Work life in Sweden has long been centered around fika, a ritual where colleagues put away phones, laptops, and shoptalk to commune over coffee, pastries, or other snacks. Swedish employees and their managers believe that this cultural tradition helps drive employee well-being, productivity, and innovation by clearing the mind and fostering togetherness. As bosses and workers elsewhere try to reinvigorate office life and flagging job satisfaction, fika fascination is seeping into other workplaces.
The Grand, a New York-based career and leadership coaching platform, summons its all-remote staff of 10 every other Friday for coffee and conversation over Zoom. London-based Hubble, a website for finding flexible workspaces, took up the tradition after being introduced to it by a Swedish staff member. A recent product offering for part-time office space with new contract terms sprang from a discussion that took place during fika, says chief of staff Charlie Bastier. It’s now one of the fastest-growing revenue streams, he says.
The pressure to make tweaks to the daily ritual is particularly acute in the U.S. Employees continue to report feeling less engaged in their jobs than in pre-pandemic times, Gallup data show. In addition, bonding with colleagues has become harder and less of a priority for many people in the hybrid world of work. Some employers worry the lack of social cohesion is harming company culture and operations.
At The Grand’s regular fika, staffers take turns hosting, leading with casual conversation or a board game such as Code Names or a drawing competition.
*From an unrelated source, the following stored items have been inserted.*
Definition below B S := [fset T in B | T `<=` S].
Definition incidences A B := (\sum_(S <- A) #|` below B S|)%N.
Definition vertices B := \bigcup_(T <- B) T.
Definition star B v := [fset T in B | v \in T].
Definition avoiding A v := [fset S in A | v \notin S].

Lemma fsub_vertices B T : T \in B -> T `<=` vertices B.
Proof. by move=> TB; apply: (bigfcup_sup (P := xpredT)). Qed.

Lemma card_star_gt0 B v : v \in vertices B -> (0 < #|` star B v|)%N.
Proof.
case/bigfcupP => T /andP [TB _] vT.
by rewrite cardfs_gt0; apply/fset0Pn; exists T; rewrite !inE TB.
Qed.

Lemma card_avoiding_star B v : (#|` avoiding B v| + #|` star B v| = #|` B|)%N.
Proof.
rewrite !card_fset_sep card_fset_sum1 -big_split /=.
by apply: eq_bigr => T _; case: (v \in T).
Qed.

Lemma below_avoiding B S v : v \notin S -> below (avoiding B v) S = below B S.
Proof.
move=> vS; apply/fsetP => T; rewrite !inE.
case TS: (T `<=` S); rewrite ?andbF ?andbT //.
by case: (T \in B) => //=; apply: contra vS => /(fsubsetP TS).
Qed.

Lemma incidences_avoidingE A B v : incidences (avoiding A v) (avoiding B v)
  = (\sum_(S <- A | v \notin S) #|` below B S|)%N.
Proof.
rewrite /incidences [RHS]big_fset_condE; apply: eq_big_seq => S.
by rewrite inE => /andP [_ vS]; rewrite below_avoiding.
Qed.

Lemma incidences_avoiding A B v :
  incidences A B = (incidences (avoiding A v) (avoiding B v)
                    + \sum_(S <- A | v \in S) #|` below B S|)%N.
Proof.
rewrite incidences_avoidingE /incidences (bigID (fun S => v \notin S)) /=.
by congr addn; apply: eq_bigl => S; rewrite negbK.
Qed.

Lemma card_mul_le_incidences r k b A B :
  admissible r k b A B -> (k * #|` A| <= incidences A B)%N.
Proof.
case=> _ _ _ Ak; rewrite card_fset_sum1 big_distrr /=.
rewrite big_seq [X in (_ <= X)%N]big_seq; apply: leq_sum => S SA.
by rewrite muln1 Ak.
Qed.

Variable r : nat.
Hypothesis r_gt0 : (0 < r)%N.

Let r_predK : r = r.-1.+1.
Proof. by rewrite prednK. Qed.

Lemma admissible_avoiding k b A B v : admissible r k b A B ->
  admissible r k (b - #|` star B v|) (avoiding A v) (avoiding B v).
Proof.
case=> Ar Br <- Ak; split.
- by move=> S; rewrite inE => /andP [/Ar].
- by move=> T; rewrite inE => /andP [/Br].
- by rewrite -(card_avoiding_star B v) addnK.
- by move=> S; rewrite inE => /andP [SA vS]; rewrite -/(below _ S) below_avoiding ?Ak.
Qed.

Lemma below_fsetU k b A B S T1 T2 : admissible r k b A B -> S \in A ->
  T1 \in below B S -> T2 \in below B S -> T1 != T2 -> S = T1 `|` T2.
Proof.
case=> Ar Br _ _ SA; rewrite !inE => /andP [T1B T1S] /andP [T2B T2S] T12.
apply: card_succ_fsetU => //; first by rewrite !Br.
by rewrite Ar // Br // -r_predK.
Qed.

Lemma admissible_fsub_vertices k b A B S : admissible r k b A B -> (2 <= k)%N ->
  S \in A -> S `<=` vertices B.
Proof.
move=> adm k2 SA; have [_ _ _ Ak] := adm.
have [T1 [T2 [T1S T2S T12]]] := card_ge2_distinct (leq_trans k2 (Ak S SA)).
rewrite (below_fsetU adm SA T1S T2S T12) fsubUset.
by move: T1S T2S; rewrite !inE => /andP [/fsub_vertices -> _] /andP [/fsub_vertices].
Qed.

Lemma incidences_le_vertices k b A B : admissible r k b A B -> (2 <= k)%N ->
  (incidences A B <= b * (#|` vertices B| - r.-1))%N.
Proof.
move=> adm k2; have [Ar Br <- _] := adm.
rewrite /incidences; under eq_bigr => S _ do rewrite card_fset_sep.
rewrite exchange_big /= card_fset_sum1 big_distrl /=.
rewrite big_seq [X in (_ <= X)%N]big_seq; apply: leq_sum => T TB.
rewrite mul1n -card_fset_sep -(Br T TB) -cardfsDS ?fsub_vertices //.
have img_le :
    (#|` [fset w |` T | w in vertices B `\` T]| <= #|` vertices B `\` T|)%N.
  exact: leq_imfset_card.
apply: leq_trans img_le.
apply: fsubset_leq_card; apply/fsubsetP => S; rewrite !inE => /andP [SA TS].
have cardS : #|` S| = (#|` T|).+1 by rewrite Ar // Br // -r_predK.
have [w wST ->] := fsubset_card_succ TS cardS.
apply/imfsetP; exists w => //; move: wST; rewrite !inE => /andP [-> wS] /=.
exact: fsubsetP (admissible_fsub_vertices adm k2 SA) w wS.
Qed.

Lemma sum_card_avoiding B : {in B, forall T, #|` T| = r.-1} ->
  (\sum_(v <- vertices B) #|` avoiding B v| = #|` B| * (#|` vertices B| - r.-1))%N.
Proof.
move=> Br; under eq_bigr => v _ do rewrite card_fset_sep.
rewrite exchange_big /= card_fset_sum1 big_distrl /= big_seq [RHS]big_seq.
apply: eq_bigr => T TB; rewrite mul1n -card_fset_sep -(Br T TB).
rewrite -cardfsDS ?fsub_vertices //.
by congr (#|` _|); apply/fsetP => w; rewrite !inE andbC.
Qed.

Lemma incidences_le_sum_avoiding A B : {in A, forall S, #|` S| = r} ->
  (incidences A B * (#|` vertices B| - r)
     <= \sum_(v <- vertices B) incidences (avoiding A v) (avoiding B v))%N.
Proof.
move=> Ar; under [X in (_ <= X)%N]eq_bigr => v _.
  rewrite incidences_avoidingE big_mkcond /=; over.
rewrite exchange_big /= /incidences big_distrl /=.
rewrite big_seq [X in (_ <= X)%N]big_seq; apply: leq_sum => S SA.
rewrite (eq_bigr (fun v => #|` below B S| * (v \notin S))%N); last first.
  by move=> v _; case: (v \notin S); rewrite ?muln1 ?muln0.
rewrite -big_distrr /= leq_mul2l -card_fset_sep; apply/orP; right.
have -> : [fset w in vertices B | w \notin S] = vertices B `\` S.
  by apply/fsetP => w; rewrite !inE andbC.
by rewrite cardfsD -(Ar S SA) leq_sub2l // fsubset_leq_card // fsubsetIr.
Qed.

Lemma card_below_le_star k b A B S v : admissible r k b A B -> S \in A -> v \in S ->
  (#|` below B S| <= (#|` below (star B v) S|).+1)%N.
Proof.
case=> Ar Br _ _ SA vS.
have sub : below B S `<=` below (star B v) S `|` [fset S `\ v].
  apply/fsubsetP => T; rewrite !inE => /andP [TB TS].
  case vT: (v \in T); first by rewrite TB TS.
  rewrite andbF /=; apply/eqP/fsubset_card_eq.
    apply/fsubsetP => w wT; rewrite inE (fsubsetP TS w wT) andbT inE.
    by apply: contraFN vT => /eqP <-.
  by move: (cardfsD1 v S); rewrite vS add1n Ar // (Br T TB); lia.
apply: leq_trans (fsubset_leq_card sub) _.
by rewrite cardfsU cardfs1 addn1 leq_subr.
Qed.

Lemma common_superset_le1 k b A B T1 T2 : admissible r k b A B ->
  T1 \in B -> T2 \in B -> T1 != T2 ->
  (\sum_(S <- A) ((T1 `<=` S) && (T2 `<=` S)) <= 1)%N.
Proof.
move=> adm T1B T2B T12.
rewrite -card_fset_sep -(cardfs1 (T1 `|` T2)) fsubset_leq_card //.
apply/fsubsetP => S; rewrite !inE => /and3P [SA T1S T2S]; apply/eqP.
by apply: (below_fsetU adm SA); rewrite // !inE ?T1B ?T2B.
Qed.

Lemma sum_star_incidences_le b A B v : admissible r 3 b A B ->
  (2 * \sum_(S <- A | v \in S) #|` below B S|
     <= 3 * (#|` star B v| * (#|` star B v| - 1)))%N.
Proof.
move=> adm; have [_ _ _ A3] := adm.
pose p S := #|` below (star B v) S|.
(* [3 <= #|below B S| <= p S + 1] forces [p S >= 2]. *)
have below_le_pairs S : S \in A -> v \in S ->
    (2 * #|` below B S| <= 3 * (p S * (p S - 1)))%N.
  move=> SA vS; have := card_below_le_star adm SA vS; have := A3 S SA.
  by rewrite -/(below B S) -/(p S); nia.
apply: leq_trans (_ : _ <= 3 * \sum_(S <- A | v \in S) p S * (p S - 1))%N _.
  rewrite big_distrr [X in (_ <= X)%N]big_distrr /=.
  rewrite big_seq_cond [X in (_ <= X)%N]big_seq_cond.
  by apply: leq_sum => S /andP [SA vS]; apply: below_le_pairs.
rewrite leq_mul2l /= -sum_pairs_neq.
under eq_bigr do rewrite /p -sum_pairs_sep.
rewrite exchange_big /=; under eq_bigr do rewrite exchange_big /=.
rewrite big_seq [X in (_ <= X)%N]big_seq; apply: leq_sum => T1 T1v.
rewrite big_seq [X in (_ <= X)%N]big_seq; apply: leq_sum => T2 T2v.
have [T1B T2B] : T1 \in B /\ T2 \in B.
  by move: T1v T2v; rewrite !inE => /andP [-> _] /andP [].
case: eqP => [_|/eqP T12]; first by rewrite big1.
apply: leq_trans (common_superset_le1 adm T1B T2B T12).
by rewrite big_mkcond /=; apply: leq_sum => S _; case: (v \in S).
Qed.

End Incidences.

Section IncidenceBound.
Variables (R : rcfType) (r : nat).
Hypothesis r_gt0 : (0 < r)%N.
Local Open Scope ring_scope.

Local Notation root b := (binom2_root (b%:R : R)).

Definition incidences_bounded (b : nat) (A B : {fset {fset nat}}) :=
  (incidences A B)%:R <= (root b - 2) * b%:R.

Lemma incidences_bounded_fset0 b B : incidences_bounded b fset0 B.
Proof.
rewrite /incidences_bounded /incidences big_seq_fset0.
have [->|b_gt0] := posnP b; first by rewrite mulr0.
have b_ge1 : 1 <= b%:R :> R by rewrite ler1n.
by rewrite mulr_ge0 // subr_ge0; apply: le_binom2_root; lra.
Qed.

Lemma incidences_bounded_small_degree b A B v : admissible r 3 b A B ->
  v \in vertices B -> #|` star B v|%:R <= root b - 1 ->
  incidences_bounded (b - #|` star B v|) (avoiding A v) (avoiding B v) ->
  incidences_bounded b A B.
Proof.
move=> adm vV dx; have [_ _ cardB _] := adm.
have := sum_star_incidences_le r_gt0 v adm; have d_gt0 := card_star_gt0 vV.
have db : (#|` star B v| <= b)%N by rewrite -cardB -(card_avoiding_star B v) leq_addl.
rewrite /incidences_bounded (incidences_avoiding A B v) natrD natrB //.
set d := #|` star B v| in dx d_gt0 db *.
rewrite -(ler_nat R) !natrM natrB // mulr1n => star_le IHv.
have dbR : d%:R <= b%:R :> R by rewrite ler_nat.
have := binom2_root_small_step (ler0n _ d) dbR dx; lra.
Qed.

Lemma incidences_avoiding_large_degree b A B v : admissible r 3 b A B ->
  v \in vertices B -> root b - 1 <= #|` star B v|%:R ->
  incidences_bounded (b - #|` star B v|) (avoiding A v) (avoiding B v) ->
  (incidences (avoiding A v) (avoiding B v))%:R
    <= (root b - 3) * #|` avoiding B v|%:R.
Proof.
move=> [_ _ cardB _] vV dx; rewrite /incidences_bounded.
have [d_gt0 cardBv] := (card_star_gt0 vV, card_avoiding_star B v).
have -> : (b - #|` star B v|)%N = #|` avoiding B v| by lia.
have root_le : root #|` avoiding B v| <= root b - 1.
  have -> : #|` avoiding B v|%:R = b%:R - #|` star B v|%:R :> R.
    by rewrite -cardB -cardBv natrD addrK.
  apply: binom2_root_large_step => //; first by rewrite ler1n.
  by rewrite ler_nat -cardB -cardBv leq_addl.
by move=> /le_trans; apply; rewrite ler_wpM2r //; lra.
Qed.

Lemma incidences_bounded_large_degree b A B : admissible r 3 b A B ->
  3 <= root b -> root b - 2 < (#|` vertices B| - r.-1)%:R ->
  (forall v, v \in vertices B -> (incidences (avoiding A v) (avoiding B v))%:R
                                  <= (root b - 3) * #|` avoiding B v|%:R) ->
  incidences_bounded b A B.
Proof.
move=> [Ar Br cardB _] x_ge3 k_gt avoiding_le.
set k := (#|` vertices B| - r.-1)%N in k_gt.
have k_ge2 : (2 <= k)%N by rewrite -(ltr_nat R 1); lra.
have sum_le : (incidences A B * (k - 1))%:R <= (root b - 3) * (b * k)%:R.
  have -> : (k - 1 = #|` vertices B| - r)%N by rewrite /k; lia.
  apply: le_trans (_ : _ <= \sum_(v <- vertices B)
                          (incidences (avoiding A v) (avoiding B v))%:R) _.
    by rewrite -natr_sum ler_nat incidences_le_sum_avoiding.
  have sumB : (\sum_(v <- vertices B) #|` avoiding B v| = b * k)%N.
    by rewrite -cardB; apply: sum_card_avoiding.
  rewrite -sumB natr_sum mulr_sumr.
  by rewrite big_seq [X in _ <= X]big_seq; apply: ler_sum => v /avoiding_le.
apply: (le_of_mul_pred_le (k := k%:R)) _ _ (ler0n _ _) _.
- by rewrite (ltr_nat R 1).
- lra.
- by move: sum_le; rewrite !natrM natrB ?mulr1n; [lra | exact: ltnW].
Qed.

Lemma admissible_incidences_bounded b A B :
  admissible r 3 b A B -> incidences_bounded b A B.
Proof.
elim/ltn_ind: b A B => b IH A B adm; have [_ _ cardB A3] := adm.
have [->|[S SA]] := fset_0Vmem A; first exact: incidences_bounded_fset0.
have x_ge3 : 3 <= root b.
  have b_ge3 : (3 <= b)%N.
    by rewrite -cardB (leq_trans (A3 S SA)) // fsubset_leq_card // fset_sub.
  by apply: le_binom2_root; rewrite -(ler_nat R 3) in b_ge3; lra.
have IHv v : v \in vertices B ->
    incidences_bounded (b - #|` star B v|) (avoiding A v) (avoiding B v).
  move=> vV; apply: (IH (b - #|` star B v|)%N); last exact: admissible_avoiding.
  by have := card_star_gt0 vV; have := card_avoiding_star B v; lia.
have [k_le|k_gt] := lerP (#|` vertices B| - r.-1)%:R (root b - 2).
  apply: le_trans (_ : (b * (#|` vertices B| - r.-1))%:R <= _).
    by rewrite ler_nat (incidences_le_vertices r_gt0 adm).
  by rewrite natrM mulrC ler_wpM2r.
have [/hasP [v vV dx]|/hasPn large] :=
  boolP (has (fun v => #|` star B v|%:R < root b - 1) (vertices B)).
  exact: incidences_bounded_small_degree adm vV (ltW dx) (IHv v vV).
apply: (incidences_bounded_large_degree adm x_ge3 k_gt) => v vV.
by apply: (incidences_avoiding_large_degree adm vV) (IHv v vV); rewrite leNgt large.
Qed.
(* Let $N\ge1$, let $J(x)$ be an $N\times N$ matrix whose entries are linear forms in $x\in\mathbb R^N$, let $H(x)=\tfrac12x^T\mathcal Hx$ be a quadratic form with constant symmetric $\mathcal H$, and let $f(x)=J(x)\nabla H(x)$. Let $\tilde x=\Phi_f(x,\varepsilon)$ be the Kahan map of $f$, and suppose $I-\varepsilon f'(x)$ and $I-\varepsilon J(x)\mathcal H$ are invertible. Then $$\tilde x-x=2\varepsilon\big(I-\varepsilon J(x)\mathcal H\big)^{-1}J\Big(\tfrac{x+\tilde x}{2}\Big)\nabla H(x),$$ and equivalently $$\tilde x=\big(I-\varepsilon J(x)\mathcal H\big)^{-1}\big(I+\varepsilon J(\tilde x)\mathcal H\big)x.$$
   Context: Kahan map: for a vector field $f$ on $\mathbb R^N$ whose components are homogeneous quadratic polynomials and a parameter $\varepsilon$, the Kahan map is $\Phi_f(x,\varepsilon)=\tilde x=x+2\varepsilon(I-\varepsilon f'(x))^{-1}f(x)=(I-\varepsilon f'(x))^{-1}x$, where $f'(x)$ is the Jacobi matrix of $f$ (defined wherever $I-\varepsilon f'(x)$ is invertible); it is the solution $\tilde x$ of $\frac{\tilde x-x}{2\varepsilon}=2f(\frac{x+\tilde x}{2})-\frac12f(x)-\frac12 f(\tilde x)$. *)

From HB Require Import structures.
From mathcomp Require Import all_boot all_order all_algebra.
Set Implicit Arguments. Unset Strict Implicit. Unset Printing Implicit Defensive.
Import Order.TTheory GRing.Theory Num.Theory.
Local Open Scope ring_scope.

(* A homogeneous quadratic vector field f(x) = B(x,x) given by a bilinear map
   B (bilinearity is used only through the concrete B built below). *)

Definition basis_vec (R : nzRingType) {N : nat} (j : 'I_N) : 'cV[R]_N :=
  delta_mx j ord0.

(* Jacobi matrix of x |-> B x x : entry (i,j) = d/dx_j (B x x)_i
   = (B x e_j + B e_j x)_i. *)
Definition quad_jac (R : nzRingType) (N : nat)
  (B : 'cV[R]_N -> 'cV[R]_N -> 'cV[R]_N) (x : 'cV[R]_N) : 'M[R]_N :=
  \matrix_(i < N, j < N) (B x (basis_vec R j) + B (basis_vec R j) x) i ord0.

Definition kahan (R : fieldType) (N : nat)
  (B : 'cV[R]_N -> 'cV[R]_N -> 'cV[R]_N) (eps : R) (x : 'cV[R]_N) : 'cV[R]_N :=
  invmx (1%:M - eps *: quad_jac B x) *m x.

Definition linJ (R : nzRingType) (N : nat) (Jk : 'I_N -> 'M[R]_N)
  (x : 'cV[R]_N) : 'M[R]_N :=
  \sum_(k < N) x k ord0 *: Jk k.

(* Bilinear map for f(x) = J(x) (Hm x) = J(x) grad H(x), H(x) = x^T Hm x / 2. *)
Definition poissonB (R : nzRingType) (N : nat) (Jk : 'I_N -> 'M[R]_N)
  (Hm : 'M[R]_N) (u v : 'cV[R]_N) : 'cV[R]_N :=
  linJ Jk u *m (Hm *m v).

From HB Require Import structures.
From mathcomp Require Import all_boot all_order all_algebra.
Import Order.TTheory GRing.Theory Num.Theory.
Local Open Scope ring_scope.

(* For f(x) = J(x) H x the Jacobian acts by f'(x) y = J(x) H y + J(y) H x.
   Hence the Kahan equation (I - eps f'(x)) xt = x rearranges to
   (I - eps J(x) H) xt = (I + eps J(xt) H) x, which is the second identity;
   subtracting (I - eps J(x) H) x from both sides and using the linearity of J
   gives (I - eps J(x) H) (xt - x) = eps J(x + xt) H x, the first one. *)

Section LinearMatrix.
Variables (R : comNzRingType) (N : nat) (Jk : 'I_N -> 'M[R]_N).

Lemma linJ_basis j : linJ Jk (basis_vec R j) = Jk j.
Proof.
rewrite /linJ (bigD1 j) //= big1 => [|k kj].
  by rewrite /basis_vec mxE !eqxx scale1r addr0.
by rewrite /basis_vec mxE (negbTE kj) scale0r.
Qed.

Lemma linJD u v : linJ Jk (u + v) = linJ Jk u + linJ Jk v.
Proof. by rewrite /linJ -big_split; apply: eq_bigr => k _; rewrite !mxE scalerDl. Qed.

Lemma linJZ a u : linJ Jk (a *: u) = a *: linJ Jk u.
Proof. by rewrite /linJ scaler_sumr; apply: eq_bigr => k _; rewrite !mxE scalerA. Qed.

Definition linJ_mx (w : 'cV[R]_N) : 'M[R]_N := \matrix_(i, j) (Jk j *m w) i ord0.

Lemma mul_linJ_mx w v : linJ_mx w *m v = linJ Jk v *m w.
Proof.
apply/matrixP => i k; rewrite (ord1 k) /linJ mulmx_suml !mxE summxE.
by apply: eq_bigr => j _; rewrite -scalemxAl !mxE mulrC.
Qed.

Variable Hm : 'M[R]_N.

Lemma quad_jac_poissonB x :
  quad_jac (poissonB Jk Hm) x = linJ Jk x *m Hm + linJ_mx (Hm *m x).
Proof.
apply/matrixP => i j; rewrite !mxE /poissonB linJ_basis.
by congr (_ + _); apply: eq_bigr => k _; rewrite /basis_vec -colE mxE.
Qed.

Lemma mul_quad_jac_poissonB x y :
  quad_jac (poissonB Jk Hm) x *m y = linJ Jk x *m Hm *m y + linJ Jk y *m (Hm *m x).
Proof. by rewrite quad_jac_poissonB mulmxDl mul_linJ_mx. Qed.

End LinearMatrix.

Lemma kahanP {R : fieldType} {N : nat} {B : 'cV[R]_N -> 'cV[R]_N -> 'cV[R]_N}
    {eps x} :
  (1%:M - eps *: quad_jac B x) \in unitmx ->
  (1%:M - eps *: quad_jac B x) *m kahan B eps x = x.
Proof. by move=> hA; rewrite /kahan mulmxA mulmxV // mul1mx. Qed.

Section PoissonKahan.
Variables (R : fieldType) (N : nat) (Jk : 'I_N -> 'M[R]_N) (Hm : 'M[R]_N).
Variables (eps : R) (x : 'cV[R]_N).
Hypothesis hjac : (1%:M - eps *: quad_jac (poissonB Jk Hm) x) \in unitmx.

Local Notation xt := (kahan (poissonB Jk Hm) eps x).
Local Notation A := (1%:M - eps *: (linJ Jk x *m Hm)).

Lemma poisson_kahan_implicit : A *m xt = (1%:M + eps *: (linJ Jk xt *m Hm)) *m x.
Proof.
have := kahanP hjac; rewrite mulmxBl mul1mx -scalemxAl mul_quad_jac_poissonB.
rewrite scalerDr opprD addrA => /eqP; rewrite subr_eq => /eqP kahan_eq.
by rewrite mulmxBl mul1mx -scalemxAl kahan_eq mulmxDl mul1mx -scalemxAl mulmxA.
Qed.

Lemma poisson_kahan_increment :
  A *m (xt - x) = eps *: (linJ Jk (x + xt) *m (Hm *m x)).
Proof.
rewrite mulmxBr poisson_kahan_implicit mulmxBl mulmxDl !mul1mx -!scalemxAl.
by rewrite linJD mulmxDl scalerDr -!mulmxA opprB addrC addrA subrK.
Qed.

End PoissonKahan.

Theorem mainTheorem8 (R : realFieldType) (N : nat) (hN : (0 < N)%N)
  (Jk : 'I_N -> 'M[R]_N) (Hm : 'M[R]_N) (hsym : Hm^T = Hm)
  (eps : R) (x : 'cV[R]_N)
  (h1 : (1%:M - eps *: quad_jac (poissonB Jk Hm) x) \in unitmx)
  (h2 : (1%:M - eps *: (linJ Jk x *m Hm)) \in unitmx) :
  let xt := kahan (poissonB Jk Hm) eps x in
  xt - x = (2 * eps) *: (invmx (1%:M - eps *: (linJ Jk x *m Hm))
                          *m linJ Jk (2^-1 *: (x + xt)) *m (Hm *m x))
  /\ xt = invmx (1%:M - eps *: (linJ Jk x *m Hm))
          *m (1%:M + eps *: (linJ Jk xt *m Hm)) *m x.
Proof.
move=> xt.
have invAK y : y = invmx (1%:M - eps *: (linJ Jk x *m Hm))
                   *m ((1%:M - eps *: (linJ Jk x *m Hm)) *m y).
  by rewrite mulmxA mulVmx // mul1mx.
split; last by rewrite -mulmxA -poisson_kahan_implicit.
rewrite [LHS]invAK poisson_kahan_increment // linJZ -!scalemxAr -scalemxAl.
by rewrite scalerA mulrAC divff ?mul1r ?pnatr_eq0 // mulmxA.
Qed.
The Grand’s co-founder Rei Wang says that fika allows her to spend time with her staff, making her a better leader.
Pronounced “fee-kah,” the Swedish culture of breaking for coffee involves much more than a schlep to Starbucks. It’s meant to be a deliberate pause to provide space and time for people to connect. Many Swedish companies build a mandatory fika into the workday, while the Embassy of Sweden in Washington holds one for staff weekly. IKEA, promoting its Upphetta coffee maker on the corporate website, extols the virtues of fika: “When we disconnect for a short period, our productivity increases significantly.”
Dahlen suspects a pandemic-era drop in office fikas contributed to a sharp decline in Swedes’ happiness at work. Just over half of workers in Sweden reported a high level of job satisfaction in 2022, according to Eurostat, compared with 69.5% in 2017.